Wenn man es ganz genau nimmt, hat das Achtelfinale im Fußball-Saarlandpokal zwischen dem Verbandsligisten SV Merchweiler und dem Regionalligisten SV Elversberg bereits am Montag begonnen. „Wir müssen um den Platz sauber machen und die Kabinen herrichten. Ein paar Stunden Arbeit ist das schon“, sagt Hans Alt. Gestern ging es weiter, und am Mittwoch steht auch noch Arbeit an.  Der 74-Jährige hilft beim SVM, wo er kann. Seit 35 Jahren brät Alt die Würste bei den Heimspieltagen des SVM. So auch am Sonntag bei der 0:1-Niederlage gegen den FC Freisen. „An Ligaspieltagen verkaufen wir etwa 200 Würste. Im Pokalspiel gegen die SV Elversberg werden es bestimmt 600 Würste werden. Da musst du dich zwei Stunden konzentrieren, sonst geht das in die Hose“, sagt Alt. Am heutigen Mittwoch, 19 Uhr, steigt das Derby gegen die SV Elversberg. Der SV Merchweiler ist bereits bestens gerüstet.

(Link zum SZ-Bericht)

„Wir haben da etwas Routine darin und wissen, was wir machen müssen. Wir haben in den vergangenen zehn Jahren schon drei Mal gegen die SVE im Pokal gespielt und im vergangenen Jahr gegen Borussia Neunkirchen ebenfalls im Achtelfinale. Wir haben ein eingespieltes Team“, sagt der Vorsitzende Peter Scheidhauer. Vier Servicestationen mit Essen oder Getränken gibt es heute rund um den Kunstrasenplatz. Etwa 40 Menschen des SV Merchweiler kümmern sich im das Drumherum. Darunter sind alle Vorstandsmitglieder und auch die Spieler der zweiten Mannschaft, die in leuchtenden Leibchen den Ordnungsdienst übernehmen.

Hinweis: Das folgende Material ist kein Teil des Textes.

(* Let $k$ be an algebraically closed field of characteristic $0$, $R=k[x,y]$, and let $L=(x^d,x^{d-1}y^{a_1},\dots,y^{a_d})$ with $0=a_0<a_1<\dots<a_d$ be a lex-segment ideal whose differences $b_i=a_i-a_{i-1}$ satisfy $b_i\le b_{i+1}$ for $i=1,\dots,d-1$. Let $\psi:R[T_0,\dots,T_d]\to\mathcal R(L)=R[Lt]$ be the $R$-algebra map with $\psi(T_i)=x^{d-i}y^{a_i}t$, and $H=\ker\psi$. Then the elements $$xT_i-y^{b_i}T_{i-1}\ (i=1,\dots,d),\qquad T_iT_{j-1}-y^{b_i-b_j}T_{i-1}T_j\ (d\ge i>j\ge1)$$ form a Gröbner basis of $H$ with respect to any term order on $k[x,y,T_0,\dots,T_d]$ for which the initial term of each listed element is the term written on the left. Moreover, $\mathcal R(L)$ is normal.
   Context: $\mathcal R(L)=\bigoplus_{n\ge0}L^n$ is the Rees algebra, identified with $R[Lt]\subseteq R[t]$. *)

From HB Require Import structures.
From mathcomp Require Import all_boot all_order all_algebra.
From mathcomp Require Import fraction.
From mathcomp Require Import mpoly.
Unset Printing Implicit Defensive.
Import Order.TTheory GRing.Theory Num.Theory.
Local Open Scope ring_scope.

Definition term_order {n : nat} (le : rel 'X_{1..n}) : Prop :=
  [/\ (forall m1 m2, le m1 m2 || le m2 m1),
      antisymmetric le,
      transitive le,
      (forall m, le 0%MM m) &
      (forall m1 m2 m, le m1 m2 -> le (m1 + m)%MM (m2 + m)%MM)].

Definition ltT {n : nat} (le : rel 'X_{1..n}) (m1 m2 : 'X_{1..n}) : bool :=
  le m1 m2 && (m1 != m2).

Definition is_lead {R : nzRingType} {n : nat} (le : rel 'X_{1..n})
  (p : {mpoly R[n]}) (m : 'X_{1..n}) : Prop :=
  m \in msupp p /\ forall m', m' \in msupp p -> le m' m.

Definition groebner_basis {R : nzRingType} {n : nat} (le : rel 'X_{1..n})
  (I G : {mpoly R[n]} -> Prop) : Prop :=
  (forall g, G g -> I g) /\
  (forall f, I f -> f != 0 ->
     exists g, G g /\ exists mf mg,
        [/\ is_lead le f mf, is_lead le g mg & lem mg mf]).

(* ---- Normality of a subring S of a domain A: S is integrally closed in
   its field of fractions (realised inside Frac(A)). ---- *)
Definition normal_subring {A : idomainType} (S : A -> Prop) : Prop :=
  forall z : {fraction A},
    (exists u v, [/\ S u, S v, v != 0 & z = (FracField.tofrac u) / (FracField.tofrac v)]) ->
    (exists p : {poly {fraction A}},
        [/\ p \is monic, (forall i, exists s, S s /\ p`_i = (FracField.tofrac s)) & root p z]) ->
    exists s, S s /\ z = (FracField.tofrac s).

Section Setting.
Context {k : fieldType}.

Definition mvar (n i : nat) : {mpoly k[n.+1]} := 'X_(inord i).
Definition mmon (n i : nat) : 'X_{1..n.+1} := U_(inord i)%MM.

(* Source ring R[T_0..T_d] = k[x, y, T_0, ..., T_d] = k[X_0, ..., X_{d+2}]
   with x = X_0, y = X_1, T_i = X_{i+2}. *)
Definition vx (d : nat) := mvar d.+2 0.
Definition vy (d : nat) := mvar d.+2 1.
Definition vT (d i : nat) := mvar d.+2 i.+2.
Definition mx (d : nat) := mmon d.+2 0.
Definition my (d : nat) := mmon d.+2 1.
Definition mT (d i : nat) := mmon d.+2 i.+2.

(* Target ring R[t] = k[x, y, t] = k[X_0, X_1, X_2]. *)
Definition tx := mvar 2 0.
Definition ty := mvar 2 1.
Definition tt := mvar 2 2.

Definition bdiff (a : nat -> nat) (i : nat) : nat := a i - a i.-1.

Definition psi_img (d : nat) (a : nat -> nat) (i : 'I_d.+3) : {mpoly k[3]} :=
  if (i : nat) == 0 then tx
  else if (i : nat) == 1 then ty
  else tx ^+ (d - (i - 2)) * ty ^+ (a (i - 2)) * tt.

Definition psi (d : nat) (a : nat -> nat) (p : {mpoly k[d.+3]}) : {mpoly k[3]} :=
  p \mPo [tuple psi_img d a i | i < d.+3].

Definition kerpsi (d : nat) (a : nat -> nat) (p : {mpoly k[d.+3]}) : Prop :=
  psi d a p = 0.

Definition rees (d : nat) (a : nat -> nat) (s : {mpoly k[3]}) : Prop :=
  exists q, s = psi d a q.

Definition gensH (d : nat) (a : nat -> nat) (g : {mpoly k[d.+3]}) : Prop :=
  (exists i, [/\ (1 <= i)%N, (i <= d)%N &
      g = vx d * vT d i - vy d ^+ bdiff a i * vT d i.-1]) \/
  (exists i j, [/\ (1 <= j)%N, (j < i)%N, (i <= d)%N &
      g = vT d i * vT d j.-1
          - vy d ^+ (bdiff a i - bdiff a j) * vT d i.-1 * vT d j]).

End Setting.

(* psi sends monomials to monomials, so its kernel is spanned by the binomials
   X^L - X^T with psi(X^L) = psi(X^T), and the listed generators are such
   binomials. Call a monomial reducible when an initial term x T_i or
   T_i T_(j-1) divides it. A generator rewrites a reducible monomial into a
   smaller one with the same image while the weight x -> 1, y -> 0, T_j -> j^2
   drops, so every monomial lies above an irreducible one with the same image.
   Irreducible monomials have the form x^u y^v T_c^(D-r) T_(c+1)^r, with u > 0
   only when the T-part is T_0^D, and psi is injective on them: the t- and
   x-degrees of the image determine c and r by Euclidean division. Hence the
   leading monomial of a kernel element is reducible, since any other monomial
   with the same image would reduce to it from below.

   The image of psi is spanned by the monomials x^X y^Y t^D with
   b_i X + Y >= (b_i (d - i) + a_i) D for 1 <= i <= d: the inequalities hold on
   the image because b is nondecreasing, and dividing X by D produces a
   preimage of any such monomial. A subalgebra of k[x,y,t] spanned by the
   monomials of a cone cut out by linear forms is normal: an element of the
   fraction field integral over it is a polynomial, k[x,y,t] being integrally
   closed, and its monomials have nonnegative weight for every form because
   initial forms multiply. *)

From HB Require Import structures.
From mathcomp Require Import all_boot all_order all_algebra.
From mathcomp Require Import fraction.
From mathcomp Require Import mpoly.
From mathcomp Require Import zify.
From Stdlib Require Import Classical.
Import Order.TTheory GRing.Theory Num.Theory.
Local Open Scope ring_scope.

Section TermOrder.
Context {n : nat} {le : rel 'X_{1..n}}.
Hypothesis hle : term_order le.

Lemma term_order_refl m : le m m.
Proof. by case: hle => tot _ _ _ _; have := tot m m; rewrite orbb. Qed.

Lemma term_order_trans : transitive le.
Proof. by case: hle. Qed.

Lemma term_order_anti m1 m2 : le m1 m2 -> le m2 m1 -> m1 = m2.
Proof. by case: hle => _ anti _ _ _ h12 h21; apply: anti; rewrite h12 h21. Qed.

Lemma term_order_addr m1 m2 m : le m1 m2 -> le (m1 + m)%MM (m2 + m)%MM.
Proof. by case: hle => _ _ _ _; apply. Qed.

Lemma term_order_max_seq (s : seq 'X_{1..n}) :
  s != [::] -> exists2 x, x \in s & forall y, y \in s -> le y x.
Proof.
elim: s => [//|x [|y s] IH] _.
  by exists x => [|z]; rewrite ?inE // => /eqP->; apply: term_order_refl.
have [z zs zmax] := IH isT.
case: hle => tot _ _ _ _; case/orP: (tot x z) => [xz|zx].
- by exists z => [|u]; rewrite inE ?zs ?orbT // => /orP[/eqP->|/zmax].
- exists x => [|u]; rewrite inE ?eqxx // => /orP[/eqP->|/zmax uz].
    exact: term_order_refl.
  exact: term_order_trans uz zx.
Qed.

Lemma is_lead_binomial (R : nzRingType) (L T : 'X_{1..n}) :
  ltT le T L -> is_lead le ('X_[L] - 'X_[T] : {mpoly R[n]}) L.
Proof.
case/andP => TL /negbTE TneL; split=> [|m]; rewrite mcoeff_msupp mcoeffB !mcoeffX.
  by rewrite eqxx TneL subr0 oner_neq0.
case: (eqVneq L m) => [->|_ ]; first by rewrite term_order_refl.
by case: (eqVneq T m) => [<-|_]; rewrite ?subrr ?eqxx.
Qed.

End TermOrder.

Section MonomialSubstitution.
Context {n p : nat} (g : 'I_n -> 'X_{1..p}).

Definition mnm_subst (m : 'X_{1..n}) : 'X_{1..p} := (\sum_(i < n) g i *+ m i)%MM.

Lemma mnm_substD m1 m2 : mnm_subst (m1 + m2)%MM = (mnm_subst m1 + mnm_subst m2)%MM.
Proof.
apply/mnmP => l; rewrite mnmDE !mnm_sumE -big_split /=.
by apply: eq_bigr => i _; rewrite !mulmnE mnmDE mulnDr.
Qed.

Lemma mnm_substMn m b : mnm_subst (m *+ b)%MM = (mnm_subst m *+ b)%MM.
Proof.
apply/mnmP => l; rewrite mulmnE !mnm_sumE big_distrl /=.
by apply: eq_bigr => i _; rewrite !mulmnE mulnA.
Qed.

Lemma mnm_substU i : mnm_subst U_(i)%MM = g i.
Proof.
apply/mnmP => l; rewrite mnm_sumE (bigD1 i) //= mulmnE mnm1E eqxx muln1.
by rewrite big1 ?addn0 // => j /negbTE ji; rewrite mulmnE mnm1E eq_sym ji muln0.
Qed.

Context {R : nzRingType}.
Local Notation subst := [tuple ('X_[g i] : {mpoly R[p]}) | i < n].

Lemma comp_mpoly_mnmX m : 'X_[m] \mPo subst = 'X_[mnm_subst m].
Proof.
rewrite comp_mpolyX /mnm_subst.
rewrite (big_morph (fun m : 'X_{1..p} => 'X_[R, m]) (@mpolyXD _ _) (@mpolyX0 _ _)).
by apply: eq_bigr => i _; rewrite tnth_mktuple mpolyXn.
Qed.

Lemma comp_mpoly_mnmE f :
  f \mPo subst = \sum_(m <- msupp f) f@_m *: 'X_[mnm_subst m].
Proof. by rewrite comp_mpolyEX; apply: eq_bigr => m _; rewrite comp_mpoly_mnmX. Qed.

(* A monomial of a kernel element must share its image with another monomial,
   otherwise its coefficient would survive in the image. *)
Lemma comp_mpoly_mnm_fiber f mf : f \mPo subst = 0 -> mf \in msupp f ->
  exists m, [/\ m \in msupp f, m != mf & mnm_subst m = mnm_subst mf].
Proof.
move=> f0 mf_f.
case: (boolP (has (fun m => (m != mf) && (mnm_subst m == mnm_subst mf)) (msupp f))).
  by case/hasP => m m_f /andP[m_mf /eqP e]; exists m.
move/hasPn => alone; move: f0 => /(congr1 (mcoeff (mnm_subst mf))).
rewrite comp_mpoly_mnmE mcoeff0 raddf_sum (bigD1_seq mf) ?msupp_uniq //=.
rewrite big1_seq ?addr0 => [|m /andP[m_mf m_f]].
  by rewrite mcoeffZ mcoeffX eqxx mulr1 => /eqP; rewrite mcoeff_eq0 mf_f.
rewrite mcoeffZ mcoeffX; case: eqP => [e|]; last by rewrite mulr0.
by have := alone m m_f; rewrite m_mf e eqxx.
Qed.

End MonomialSubstitution.

Section WeightedDegree.
Context {n : nat} (w : 'I_n -> nat).

Definition wdeg (m : 'X_{1..n}) : nat := (\sum_(i < n) w i * m i)%N.

Lemma wdegD m1 m2 : wdeg (m1 + m2)%MM = (wdeg m1 + wdeg m2)%N.
Proof. by rewrite /wdeg -big_split; apply: eq_bigr => i _; rewrite mnmDE mulnDr. Qed.

Lemma wdegMn m b : wdeg (m *+ b)%MM = (wdeg m * b)%N.
Proof. by rewrite /wdeg big_distrl; apply: eq_bigr => i _; rewrite mulmnE mulnA. Qed.

Lemma wdegU i : wdeg U_(i)%MM = w i.
Proof.
rewrite /wdeg (bigD1 i) //= mnm1E eqxx muln1 big1 ?addn0 // => j /negbTE ji.
by rewrite mnm1E eq_sym ji muln0.
Qed.

End WeightedDegree.

Section Reduction.
Context {n p : nat} {le : rel 'X_{1..n}} (g : 'I_n -> 'X_{1..p}) (w : 'I_n -> nat).
Hypothesis hle : term_order le.
Variable reducible : 'X_{1..n} -> Prop.
Local Notation phi := (mnm_subst g).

„Um den Sportplatz herum ist es bei uns ziemlich dunkel und eng. Deshalb haben wir viele Ordner eingeteilt“, erklärt Gregor Zewe, der Pressesprecher des Vereins. Das Parken direkt am Stadion wird sich heute wohl etwas schwierig gestalten, da die Zufahrt durch den Ort gesperrt ist. Eine Eisenbahnbrücke wird erneuert. Und hier kommt wieder Hans Alt ins Spiel. Die lebende Vereinslegende hat 50 Jahre für das Unternehmen Monti gearbeitet. Das Unternehmen hat sein Firmengelände direkt vor der Eisenbahnbrücke in der Eisenbahnstraße und dort dürfen die Zuschauer heute parken. Der Fußweg zum Stadion ist nur 200 Meter weit. Die Anreise mit dem Zug ist ebenfalls einfach, da in unmittelbarer Nähe des Stadions der Bahnhof von Merchweiler liegt.   

Der SV Merchweiler rechnet heute mit 400 bis 500 Zuschauern. Durch die langjährige Pokalerfahrung gegen große Gegner ist sich der SVM aber sicher, dass alles reibungslos funktionieren wird. „Polizei, Feuerwehr und Rotes Kreuz wissen schon seit Wochen Bescheid und wir haben alle Punkte abgearbeitet, die auf unserem Plan stehen. Das Spiel kann beginnen“, sagt Gregor Zewe. Sportlich rechnen sich die Merchweiler nicht sehr viel gegen die Elversberger aus. Allerdings sind solche Spiele eine sehr gute Einnahmequelle für den Verein. Und genau in diesem Punkt kommt die SVE dem SVM entgegen. „Wir verzichten und auf unsere Hälfte der Eintrittsgelder zugunsten des SV Merchweiler. Das machen wir bis zum Achtelfinale bei allen Gegnern, die in tieferen Ligen spielen. Ab dem Achtelfinale entscheiden wir von Spiel zu Spiel“, sagt Marc Strauß, Vorstand Verwaltung und Vereinsentwicklung bei der SV Elversberg. Eine Geste, für die sich der SVM bedankt und den Profis den Aufenthalt so angenehm wie möglich machen möchte. Gleich zwei Kabinen bekommen die Elversberger heute Abend. Ob es trotzdem für eine Pokalsensation reicht, bleibt abzuwarten.